> [EXERCISE GOAL]:
Take the data from its first line. Print each line exactly until the line containing "have pickE : odflt u [pick x | f x == u] = c." has been printed too.

Start of SOURCE INFORMATION

Definition unsplice (f : {ffun T -> T}) : {ffun T' -> T'} * T :=
  let c := odflt u [pick x | f x == u] in
  ([ffun y => inv (if emb y == c then f u else f (emb y))], c).

Lemma emb_inj : injective emb. Proof. exact: can_inj embK. Qed.

Lemma splice_eq_u p x : (splice p x == u) = (x == p.2).
Proof.
rewrite /splice ffunE; case: (x =P p.2) => _; first exact: eqxx.
by case: ifP; rewrite (negbTE (emb_neq _)).
Qed.

Lemma spliceK : cancel splice unsplice.
Proof.
move=> [g c]; have pickE : odflt u [pick x | splice (g, c) x == u] = c.
  by case: pickP => [x|/(_ c)] /=; rewrite splice_eq_u ?eqxx // => /eqP.
rewrite /unsplice pickE; congr pair; apply/ffunP => y; rewrite !ffunE.
have [<-|_] /= := eqVneq (emb y) c; last by rewrite (negbTE (emb_neq y)) !embK.
by rewrite eq_sym (negbTE (emb_neq y)) eqxx !embK.
Qed.

Lemma unspliceK (f : {ffun T -> T}) c :
  [set x | f x == u] = [set c] -> splice (unsplice f) = f.
Proof.
move=> /setP pre_u.
have f_eq_u x : (f x == u) = (x == c) by have := pre_u x; rewrite !inE.
have pickE : odflt u [pick x | f x == u] = c.
  by case: pickP => [x|/(_ c)] /=; rewrite f_eq_u ?eqxx // => /eqP.
apply/ffunP => x; rewrite /unsplice pickE !ffunE /=.
have [->|xc] := eqVneq x c; first by apply/esym/eqP; rewrite f_eq_u.
have [xu|xu] := eqVneq x u.
  have -> : emb (inv c) = c by apply: invK; rewrite inE eq_sym -xu.
  by rewrite eqxx xu invK // inE f_eq_u -xu.
have -> : emb (inv x) = x by apply: invK; rewrite inE.
by rewrite (negbTE xc) invK // inE f_eq_u.
Qed.

Definition relay (c : T) (y : T') : T := if emb y == c then u else emb y.

Lemma splice_relay g c y : splice (g, c) (relay c y) = emb (g y).
Proof.
rewrite /relay ffunE /=; have [<-|yc] := eqVneq (emb y) c.
  by rewrite eq_sym (negbTE (emb_neq y)) eqxx embK.
by rewrite (negbTE yc) (negbTE (emb_neq y)) embK.
Qed.

Lemma relay_inj c : injective (relay c).
Proof.
move=> y z; rewrite /relay.
have [<-|_] := eqVneq (emb y) c; case: eqP => [zy|_].
- by move=> _; apply: emb_inj; rewrite zy.
- by move/esym/eqP; rewrite (negbTE (emb_neq z)).
- by move/eqP; rewrite (negbTE (emb_neq y)).
- exact: emb_inj.
Qed.

Lemma splice_indeg_u p : #|[set x | splice p x == u]| = 1.
Proof. by rewrite -(cards1 p.2); apply: eq_card => x; rewrite !inE splice_eq_u. Qed.

Lemma splice_indeg_emb g c j :
  #|[set x | splice (g, c) x == emb j]| = #|[set y | g y == j]|.
Proof.
rewrite -(card_imset _ (@relay_inj c)); apply: eq_card => x.
rewrite inE; apply/idP/imsetP => [fx_j|[y]]; last first.
  by rewrite inE => /eqP gy_j ->; rewrite splice_relay gy_j.
have xc : x != c.
  apply: contraTneq fx_j => ->.
  have /eqP-> : splice (g, c) c == u by rewrite splice_eq_u.
  by rewrite eq_sym emb_neq.
pose y := inv (if x == u then c else x).
have relay_y : relay c y = x.
  rewrite /relay /y; have [xu|xu] := eqVneq x u.
    by rewrite invK ?eqxx // inE -xu eq_sym.
  by rewrite invK ?(negbTE xc) // inE.
by exists y; rewrite ?relay_y // inE -(inj_eq emb_inj) -(splice_relay g c) relay_y.
Qed.

Lemma fconnect_splice_step g c y : fconnect (splice (g, c)) (emb y) (emb (g y)).
Proof.
have reach_relay : fconnect (splice (g, c)) (emb y) (relay c y).
  rewrite /relay; case: eqP => [->|_]; last exact: connect0.
  have /eqP <- : splice (g, c) c == u by rewrite splice_eq_u.
  exact: fconnect1.
by rewrite -(splice_relay g c); apply: connect_trans reach_relay (fconnect1 _ _).
Qed.

Lemma fconnect_splice g c w x :
  let R := emb @: fconnect g w in
  fconnect (splice (g, c)) (emb w) x = (x \in R) || (x == u) && (c \in R).
Proof.
move=> R; have gR y : y \in fconnect g w -> emb (g y) \in R.
  by move=> wy; apply: imset_f; apply: connect_trans wy (fconnect1 _ _).
apply/idP/idP => [|/orP[/imsetP[y wy ->]|/andP[/eqP-> /imsetP[y wy c_y]]]].
- apply: (fconnect_homo (a := [pred z | (z \in R) || (z == u) && (c \in R)])).
    move=> z /orP[/imsetP[y wy ->]|/andP[/eqP-> /imsetP[y wy c_y]]]; rewrite !inE.
      have [e_y|ne_y] := eqVneq (emb y) c.
        have /eqP-> : splice (g, c) (emb y) == u by rewrite splice_eq_u e_y.
        by rewrite eqxx -e_y imset_f ?orbT.
      have relay_y : relay c y = emb y by rewrite /relay (negbTE ne_y).
      by rewrite -relay_y splice_relay gR.
    have relay_y : relay c y = u by rewrite /relay -c_y eqxx.
    by rewrite -relay_y splice_relay gR.
  by apply/orP; left; apply: imset_f; apply: connect0.
- exact: fconnect_morph (fconnect_splice_step g c) _ _ wy.
have /eqP <- : splice (g, c) c == u by rewrite splice_eq_u.
rewrite c_y; apply: connect_trans (fconnect1 _ _).
exact: fconnect_morph (fconnect_splice_step g _) _ _ wy.
Qed.

Lemma sixlen_splice g c w :
  sixlen (splice (g, c)) (emb w) = sixlen g w + (c \in emb @: fconnect g w).
Proof.
rewrite !sixlen_order /order (eq_card (fconnect_splice g c w)).
set R := emb @: fconnect g w.
have card_R : #|R| = #|fconnect g w| by rewrite card_imset //; apply: emb_inj.
have u_notin_R : u \notin R.
  by apply/imsetP => -[y _ /eqP]; rewrite eq_sym (negbTE (emb_neq y)).
case: (c \in R).
  transitivity #|u |: R|; first by apply: eq_card => x; rewrite unfold_in !inE andbT orbC.
  by rewrite cardsU1 u_notin_R card_R addnC.
by rewrite addn0 -card_R; apply: eq_card => x; rewrite unfold_in andbF orbF.
Qed.

Lemma card_splice_sixlen g w r :
  #|[set c | sixlen (splice (g, c)) (emb w) == r]|
  = (sixlen g w == r.-1) * r.-1 + (sixlen g w == r) * (#|T| - r).
Proof.
set R := emb @: fconnect g w; set s := sixlen g w.
have card_R : #|R| = s by rewrite card_imset ?/s ?sixlen_order //; exact: emb_inj.
have -> : [set c | sixlen (splice (g, c)) (emb w) == r]
          = [set c | s + (c \in R) == r].
  by apply/setP => c; rewrite !inE sixlen_splice.
have [->|rN] := eqVneq r s.+1.
  rewrite /= eqxx (ltn_eqF (ltnSn s)) mul1n mul0n addn0 -card_R; apply: eq_card => c.
  by rewrite inE -addn1 eqn_add2l; case: (c \in R).
have [->|rN'] := eqVneq r s.
  rewrite (@gtn_eqF s.-1) ?ltn_predL // mul0n mul1n add0n -card_R -(cardsC R) addKn.
  by apply: eq_card => c; rewrite !inE -[X in _ == X]addn0 eqn_add2l; case: (c \in R).
have -> : (s == r.-1) = false.
  case: r rN {rN'} => [_|r]; first by rewrite eqn0Ngt.
  by apply: contraNF => /eqP ->.
apply/eqP; rewrite mul0n cards_eq0; apply/eqP/setP => c; rewrite !inE.
by case: (c \in R); rewrite ?addn0 ?addn1 eq_sym ?(negbTE rN) ?(negbTE rN').
Qed.

Variable d : T -> nat.
Hypothesis d_u : d u = 1.

Lemma splice_degfuns g c :
  (splice (g, c) \in degfuns d) = (g \in degfuns (fun y => d (emb y))).
Proof.
rewrite !inE; apply/forallP/forallP => deg i.
  by rewrite -(splice_indeg_emb g c); apply: deg.
have [->|iu] := eqVneq i u; first by rewrite splice_indeg_u d_u.
have -> : i = emb (inv i) by rewrite invK // inE.
by rewrite splice_indeg_emb; apply: deg.
Qed.

Lemma card_degfuns_splice (P : pred {ffun T -> T}) :
  #|[set f in degfuns d | P f]|
  = \sum_(g in degfuns (fun y => d (emb y))) #|[set c | P (splice (g, c))]|.
Proof.
set d' := fun y => d (emb y).
have -> : [set f in degfuns d | P f]
          = splice @: [set p | (p.1 \in degfuns d') && P (splice p)].
  apply/setP => f; rewrite inE; apply/andP/imsetP => [[df Pf]|[[g c]]]; last first.
    by rewrite inE /= => /andP[dg Pf] ->; rewrite splice_degfuns.
  have /cards1P[c pre_u] : #|[set x | f x == u]| == 1.
    by move: df; rewrite inE => /forallP/(_ u); rewrite d_u.
  have fE := unspliceK pre_u.
  exists (unsplice f) => //; rewrite inE.
  case: (unsplice f) fE => g c' /= fE.
  by rewrite fE Pf andbT /d' -(splice_degfuns g c') fE.
rewrite (card_imset _ (can_inj spliceK)).
rewrite -sum1dep_card; under [RHS]eq_bigr do rewrite -sum1dep_card.
by rewrite pair_big_dep; apply: eq_bigl => -[g c].
Qed.

Local Open Scope ring_scope.

Lemma prob_sixlen_splice w r :
  prob_sixlen d (emb w) r = polya_step #|T| (prob_sixlen (fun y => d (emb y)) w) r.
Proof.
set d' := fun y => d (emb y).
have card_degfuns : #|degfuns d| = (#|degfuns d'| * #|T|)%N.
  transitivity #|[set f in degfuns d | predT f]|.
    by apply: eq_card => f; rewrite inE andbT.
  rewrite card_degfuns_splice -sum_nat_const; apply: eq_bigr => g _.
  by apply: eq_card => c; rewrite inE.
rewrite /prob_sixlen /polya_step card_degfuns card_degfuns_splice.
under eq_bigr do rewrite card_splice_sixlen.
rewrite big_split -!big_distrl /= !sum_nat_of_bool.
set C1 := #|[set g in _ | _ == r.-1]|; set C2 := #|[set g in _ | _ == r]|.
rewrite natrD; have -> : (C2 * (#|T| - r))%N%:R = C2%:R * (#|T|%:R - r%:R) :> rat.
  have [->|/card_gt0P[g]] := posnP C2; first by rewrite !mul0n !mul0r.
  rewrite inE => /andP[_ /eqP <-]; rewrite natrM natrB //.
  exact: leq_trans (sixlen_le_card g w) (leq_card _ emb_inj).
by rewrite !natrM invfM; ring.
Qed.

End of SOURCE INFORMATION

> [YOUR RESPONSE]:
Definition unsplice (f : {ffun T -> T}) : {ffun T' -> T'} * T :=
  let c := odflt u [pick x | f x == u] in
  ([ffun y => inv (if emb y == c then f u else f (emb y))], c).

Lemma emb_inj : injective emb. Proof. exact: can_inj embK. Qed.

Lemma splice_eq_u p x : (splice p x == u) = (x == p.2).
Proof.
rewrite /splice ffunE; case: (x =P p.2) => _; first exact: eqxx.
by case: ifP; rewrite (negbTE (emb_neq _)).
Qed.

Lemma spliceK : cancel splice unsplice.
Proof.
move=> [g c]; have pickE : odflt u [pick x | splice (g, c) x == u] = c.
  by case: pickP => [x|/(_ c)] /=; rewrite splice_eq_u ?eqxx // => /eqP.
rewrite /unsplice pickE; congr pair; apply/ffunP => y; rewrite !ffunE.
have [<-|_] /= := eqVneq (emb y) c; last by rewrite (negbTE (emb_neq y)) !embK.
by rewrite eq_sym (negbTE (emb_neq y)) eqxx !embK.
Qed.

Lemma unspliceK (f : {ffun T -> T}) c :
  [set x | f x == u] = [set c] -> splice (unsplice f) = f.
Proof.
move=> /setP pre_u.
have f_eq_u x : (f x == u) = (x == c) by have := pre_u x; rewrite !inE.
have pickE : odflt u [pick x | f x == u] = c.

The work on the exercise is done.